Print exactly the lines below between the line holding "Since deg P_j" and the line holding "From mathcomp Require Import zify ring.", inclusive, and nothing more.

* [Items from a data source]
+ + +

(* Let $(G,\eta\colon M\otimes G\to G)$ be an initial algebra of the endofunctor $M\otimes-$ on $\mathsf{SquaMS}$, let $Q=C(G)$ be its Cauchy completion, and let $\gamma\colon Q\to M\otimes Q$ be the composite of $C(\eta^{-1})\colon C(G)\to C(M\otimes G)$ with the canonical isometric isomorphism $C(M\otimes G)\cong M\otimes C(G)$. Then the metric space $Q$ is bilipschitz equivalent to the Sierpinski carpet $\mathbb{S}$, viewed as a subset of the plane with the taxicab metric, and thus also with the Euclidean metric.
   Context: Let $M_0=\{(r,s)\in[0,1]^2: r\in\{0,1\}\text{ or } s\in\{0,1\}\}$ be the boundary of the unit square. A square metric space is a pair $(X,S_X)$ where $X$ is a metric space with all distances at most $2$ and $S_X\colon M_0\to X$ is injective, such that (sq1) for $i\in\{0,1\}$ and $r,s\in[0,1]$, $d_X(S_X(i,r),S_X(i,s))=|s-r|$ and $d_X(S_X(r,i),S_X(s,i))=|s-r|$; (sq2) for all $(r,s),(t,u)\in M_0$, $d_X(S_X(r,s),S_X(t,u))\ge |r-t|+|s-u|$. $\mathsf{SquaMS}$ is the category of square metric spaces whose morphisms are short (non-expanding) maps $f\colon X\to Y$ with $f\circ S_X=S_Y$. Let $N=\{0,1,2\}^2$ and $M=N\setminus\{(1,1)\}$, elements viewed also as points of $\mathbb{R}^2$. For $X$ in $\mathsf{SquaMS}$, let $\sim$ be the equivalence relation on $M\times X$ generated by $(m,S_X(p))\sim(n,S_X(q))$ whenever $m,n\in M$ differ by exactly $1$ in exactly one coordinate and $(m+p)/3=(n+q)/3$ in $\mathbb{R}^2$. Then $M\otimes X=(M\times X)/\!\sim$, with $m\otimes x$ the class of $(m,x)$. On $M\times X$ put $d((a,u),(b,v))=\frac13 d_X(u,v)$ if $a=b$ and $2$ otherwise; the metric on $M\otimes X$ is the quotient metric: $d(m\otimes x,n\otimes y)$ is the infimum, over finite sequences $(m,x)=z_0,z_1,\dots,z_k=(n,y)$ in $M\times X$, of the sum over consecutive pairs of $0$ if the pair is $\sim$-related and of $d(z_i,z_{i+1})$ otherwise. $S_{M\otimes X}(p)=m\otimes S_X(3p-m)$ for any $m\in M$ with $p\in (m+[0,1]^2)/3$, and for a morphism $f$, $(M\otimes f)(m\otimes x)=m\otimes f(x)$; this defines an endofunctor $M\otimes-$ of $\mathsf{SquaMS}$. Cauchy completion $C(X)$: Cauchy sequences modulo equivalence, $d((x_i),(y_i))=\lim d_X(x_i,y_i)$, with $S_{C(X)}(p)$ the class of the constant sequence $S_X(p)$. The Sierpinski carpet $\mathbb{S}$ is the unique nonempty compact subset $K$ of $[0,1]^2$ with $K=\bigcup_{m\in M}\frac13(m+K)$. Two metric spaces $A,B$ are bilipschitz equivalent if there is a bijection $f\colon A\to B$ and $K\ge1$ with $\frac1K d_A(x,y)\le d_B(f(x),f(y))\le K d_A(x,y)$ for all $x,y$. *)

From Stdlib Require Import Reals Lra List Relations ClassicalEpsilon.
From Coquelicot Require Import Coquelicot.
Open Scope R_scope.
(* Let $p$ be prime and let $k\ge2$, $\ell\ge1$ be integers. Let $c_{i_1},\dots,c_{i_{k-1}}$ be $k-1$ pairwise distinct codewords of a $p$-ary prefix-free code with lengths $\ell_{i_1}\le\cdots\le\ell_{i_{k-1}}$, let $y_{i_m}=\sum_{t=0}^{\ell_{i_m}-1}c_{i_m,t}x^t\in F_p[x]$, and let $L_{i_m}=(\ell_{i_m}-1)(k-1)+\ell$. Let $r_0,\dots,r_{k-2}$ be independent random polynomials, each uniformly distributed over the polynomials in $F_p[x]$ of degree less than $L_{i_{k-1}}$. For a secret $s\in F_p[x]$ of degree less than $\ell$ define the random shares $$Z^{(s)}_{i_m}\equiv\sum_{j=0}^{k-2}r_j\,y_{i_m}^{\,j}+s\,y_{i_m}^{\,k-1}\pmod{x^{L_{i_m}}},\qquad 1\le m\le k-1,$$ each taken as a polynomial of degree less than $L_{i_m}$. Then for any two secrets $s_0,s_1$ of degree less than $\ell$, the random tuples $(Z^{(s_0)}_{i_1},\dots,Z^{(s_0)}_{i_{k-1}})$ and $(Z^{(s_1)}_{i_1},\dots,Z^{(s_1)}_{i_{k-1}})$ have the same probability distribution.
   Context: A $p$-ary prefix-free code is a set of finite strings over the alphabet $F_p$ none of which is a prefix of another. $F_p[x]$ is the polynomial ring over the finite field $F_p$. *)

From HB Require Import structures.
From mathcomp Require Import all_boot all_order all_algebra.
Set Implicit Arguments. Unset Strict Implicit. Unset Printing Implicit Defensive.
Import GRing.Theory.
Local Open Scope ring_scope.

Definition prefix_free (p : nat) (C : seq 'F_p -> Prop) : Prop :=
  forall u v : seq 'F_p, C u -> C v -> prefix u v -> u = v.

Definition cw_poly (p : nat) (c : seq 'F_p) : {poly 'F_p} := Poly c.

Definition share_len (k ell len : nat) : nat := ((len - 1) * (k - 1) + ell)%N.

(* Sample space: k-1 random polynomials r_0..r_{k-2}, each of degree < Lmax,
   encoded by their coefficient tuples (coefficient of x^t at position t). *)
Definition rand_space (p k Lmax : nat) := {ffun 'I_k.-1 -> Lmax.-tuple 'F_p}.

Definition vec_poly (p n : nat) (v : n.-tuple 'F_p) : {poly 'F_p} :=
  Poly (tval v).

Definition share (p k ell Lmax : nat) (r : rand_space p k Lmax)
  (s : {poly 'F_p}) (c : seq 'F_p) : {poly 'F_p} :=
  let y := cw_poly c in
  (\sum_(j < k.-1) vec_poly (r j) * y ^+ j + s * y ^+ k.-1)
    %% 'X^(share_len k ell (size c)).

Definition shares (p k ell Lmax : nat) (cs : seq (seq 'F_p))
  (s : {poly 'F_p}) (r : rand_space p k Lmax) : seq {poly 'F_p} :=
  [seq share ell r s c | c <- cs].

Definition share_prob (p k ell Lmax : nat) (cs : seq (seq 'F_p))
  (s : {poly 'F_p}) (z : seq {poly 'F_p}) : rat :=
  (#|[set r : rand_space p k Lmax | shares ell cs s r == z]|%:R
     / #|[set: rand_space p k Lmax]|%:R)%R.

(* Let P := \prod_c ('X - y_c%:P), a monic polynomial of degree k - 1 with
   coefficients in F_p[x] vanishing at every codeword polynomial y_c.  At each
   y_c we have \sum_(j < k-1) P_j y_c^j = - y_c^(k-1), so translating the
   randomness r_j by (s1 - s0) P_j makes the s1-shares equal to the s0-shares
   of the untranslated randomness, already before the reduction mod x^L.
   Since deg P_j <= (k - 1)(l_max - 1), the translated r_j still have degree
   below L_max; translation is injective, so each s0-fibre injects into the
   s1-fibre of the same share tuple, and by symmetry the fibres have equal
   size. *)
From HB Require Import structures.
From mathcomp Require Import all_boot all_order all_algebra.
From mathcomp Require Import zify ring.
Local Open Scope ring_scope.
Import GRing.Theory.

Lemma sorted_leq_last (s : seq nat) (x0 : nat) :
  sorted leq s -> {in s, forall x, (x <= last x0 s)%N}.
Proof.
case/lastP: s => [//|s a]; rewrite last_rcons -rev_sorted rev_rcons /=.
move=> /(order_path_min (fun _ _ _ h1 h2 => leq_trans h2 h1)) /allP le_a x.
by rewrite mem_rcons inE => /predU1P [->|s_x] //; apply: le_a; rewrite mem_rev.
Qed.

Lemma size_coef_prod_XsubC (R : nzRingType) (M : nat) (s : seq {poly R}) :
  (forall y, y \in s -> (size y <= M.+1)%N) ->
  forall j, leq (size (\prod_(y <- s) ('X - y%:P))`_j) (size s * M).+1.
Proof.
elim: s => [|a s IH] le_s j.
  by rewrite big_nil coef1; case: (j == 0)%N; rewrite ?size_poly1 ?size_poly0.
have le_a : (size a <= M.+1)%N by rewrite le_s ?mem_head.
have {}IH := IH (fun y ys => le_s y (mem_behead (ys : y \in behead (a :: s)))).
rewrite big_cons mulrBl coefB coefXM coefCM.
apply: leq_trans (size_polyD _ _) _; rewrite size_polyN geq_max /=.
apply/andP; split.
  by case: (j == 0)%N; rewrite ?size_poly0 // (leq_trans (IH _)) // mulSn; lia.
apply: leq_trans (size_polyMleq _ _) _.
move: (IH j) le_a; rewrite mulSn; move: (size a) (size _) => x y; lia.
Qed.

Lemma horner_sum_shift_root (R : comNzRingType) (n : nat) (P : {poly R})
  (y d s : R) (a : 'I_n -> R) :
  P \is monic -> size P = n.+1 -> root P y ->
  \sum_(j < n) (a j + d * P`_j) * y ^+ j + s * y ^+ n =
  \sum_(j < n) a j * y ^+ j + (s - d) * y ^+ n.
Proof.
move=> monP sizeP /rootP; rewrite horner_coef sizeP big_ord_recr /=.
have -> : P`_n = 1 by move/monicP: monP; rewrite lead_coefE sizeP.
rewrite mul1r => /eqP; rewrite addr_eq0 => /eqP sum_P.
under eq_bigr => j _ do rewrite mulrDl -mulrA.
by rewrite big_split /= -mulr_sumr sum_P; ring.
Qed.

Definition tshift {F : nzRingType} {n : nat} (q : {poly F}) (t : n.-tuple F) :
  n.-tuple F := [tuple tnth t i + q`_i | i < n].

Lemma tshift_inj (F : nzRingType) (n : nat) (q : {poly F}) :
  injective (@tshift F n q).
Proof.
move=> t t' eq_t; apply: eq_from_tnth => i.
by move: (congr1 (fun u => tnth u i) eq_t); rewrite /= !tnth_mktuple => /addIr.
Qed.

Lemma vec_poly_tshift (p n : nat) (q : {poly 'F_p}) (t : n.-tuple 'F_p) :
  (size q <= n)%N -> vec_poly (tshift q t) = vec_poly t + q.
Proof.
move=> le_q; apply/polyP => i; rewrite coefD !coef_Poly.
have [lt_i|le_i] := ltnP i n.
  by rewrite -[i]/(nat_of_ord (Ordinal lt_i)) nth_mktuple (tnth_nth 0).
by rewrite !nth_default ?size_tuple ?addr0 // (leq_trans le_q le_i).
Qed.

Section ShareFibres.

Variables (p k ell : nat) (cs : seq (seq 'F_p)) (s0 s1 : {poly 'F_p}).
Hypotheses (k_ge2 : (2 <= k)%N) (size_cs : size cs = k.-1).
Hypothesis sorted_cs : sorted leq [seq size c | c <- cs].
Hypotheses (le_s0 : (size s0 <= ell)%N) (le_s1 : (size s1 <= ell)%N).

Let Lmax := share_len k ell (size (last [::] cs)).
Let M := (size (last [::] cs)).-1.

Definition codeword_annihilator : {poly {poly 'F_p}} :=
  \prod_(y <- map (@cw_poly p) cs) ('X - y%:P).

Local Notation P := codeword_annihilator.

Lemma size_codeword_annihilator : size P = k.
Proof. by rewrite size_prod_XsubC size_map size_cs; lia. Qed.

Lemma root_codeword_annihilator c : c \in cs -> root P (cw_poly c).
Proof. by move=> cs_c; rewrite root_prod_XsubC map_f. Qed.

Lemma size_coef_codeword_annihilator j : leq (size P`_j) (k.-1 * M).+1.
Proof.
rewrite -size_cs -(size_map (@cw_poly p)).
apply: size_coef_prod_XsubC => _ /mapP [c cs_c ->].
rewrite (leq_trans (size_Poly _)) // (leq_trans _ (leqSpred _)) //.
by rewrite -(last_map size) (sorted_leq_last _ _ sorted_cs) ?map_f.
Qed.

Definition secret_shift (j : 'I_k.-1) : {poly 'F_p} := (s1 - s0) * P`_j.

Lemma size_secret_shift j : (size (secret_shift j) <= Lmax)%N.
Proof.
have le_ds : (size (s1 - s0)%R <= ell)%N.
  by rewrite (leq_trans (size_polyD _ _)) // size_polyN geq_max le_s0 le_s1.
apply: leq_trans (size_polyMleq _ _) _.
rewrite /Lmax /share_len !subn1 -/M mulnC -subn1 leq_subLR add1n -addSn addnC.
by rewrite leq_add ?size_coef_codeword_annihilator.
Qed.

Definition rand_shift (r : rand_space p k Lmax) : rand_space p k Lmax :=
  [ffun j => tshift (secret_shift j) (r j)].

Lemma rand_shift_inj : injective rand_shift.
Proof.
move=> r r' /ffunP eq_f; apply/ffunP => j.
by apply: (@tshift_inj _ _ (secret_shift j)); move: (eq_f j); rewrite !ffunE.
Qed.

Lemma shares_rand_shift r : shares ell cs s1 (rand_shift r) = shares ell cs s0 r.
Proof.
apply/eq_in_map => c cs_c; rewrite /share /=; congr (_ %% _).
under eq_bigr => j _ do rewrite ffunE vec_poly_tshift ?size_secret_shift //.
rewrite horner_sum_shift_root ?subKr ?monic_prod_XsubC //.
  by rewrite size_codeword_annihilator (prednK (ltnW k_ge2)).
exact: root_codeword_annihilator.
Qed.

Lemma card_share_fibre_le z :
  (#|[set r : rand_space p k Lmax | shares ell cs s0 r == z]| <=
   #|[set r : rand_space p k Lmax | shares ell cs s1 r == z]|)%N.
Proof.
rewrite -(card_imset _ rand_shift_inj); apply/subset_leq_card/subsetP.
by move=> _ /imsetP [r + ->]; rewrite !inE shares_rand_shift.
Qed.

End ShareFibres.

Theorem mainTheorem8 (p k ell : nat) (C : seq 'F_p -> Prop)
  (cs : seq (seq 'F_p)) (s0 s1 : {poly 'F_p}) :
  prime p -> (2 <= k)%N -> (1 <= ell)%N ->
  prefix_free C ->
  size cs = k.-1 -> uniq cs -> (forall c, c \in cs -> C c) ->
  (forall c, c \in cs -> 0 < size c)%N ->
  sorted leq [seq size c | c <- cs] ->
  (size s0 <= ell)%N -> (size s1 <= ell)%N ->
  let Lmax := share_len k ell (size (last [::] cs)) in
  forall z : seq {poly 'F_p},
    share_prob k ell Lmax cs s0 z = share_prob k ell Lmax cs s1 z.
Proof.
move=> _ k_ge2 _ _ size_cs _ _ _ sorted_cs le_s0 le_s1 Lmax z.
rewrite /share_prob; congr (_ %:R / _).
by apply/eqP; rewrite eqn_leq !card_share_fibre_le.
Qed.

+ + +

* [Result for this exercise]
   Since deg P_j <= (k - 1)(l_max - 1), the translated r_j still have degree
   below L_max; translation is injective, so each s0-fibre injects into the
   s1-fibre of the same share tuple, and by symmetry the fibres have equal
   size. *)
From HB Require Import structures.
From mathcomp Require Import all_boot all_order all_algebra.
From mathcomp Require Import zify ring.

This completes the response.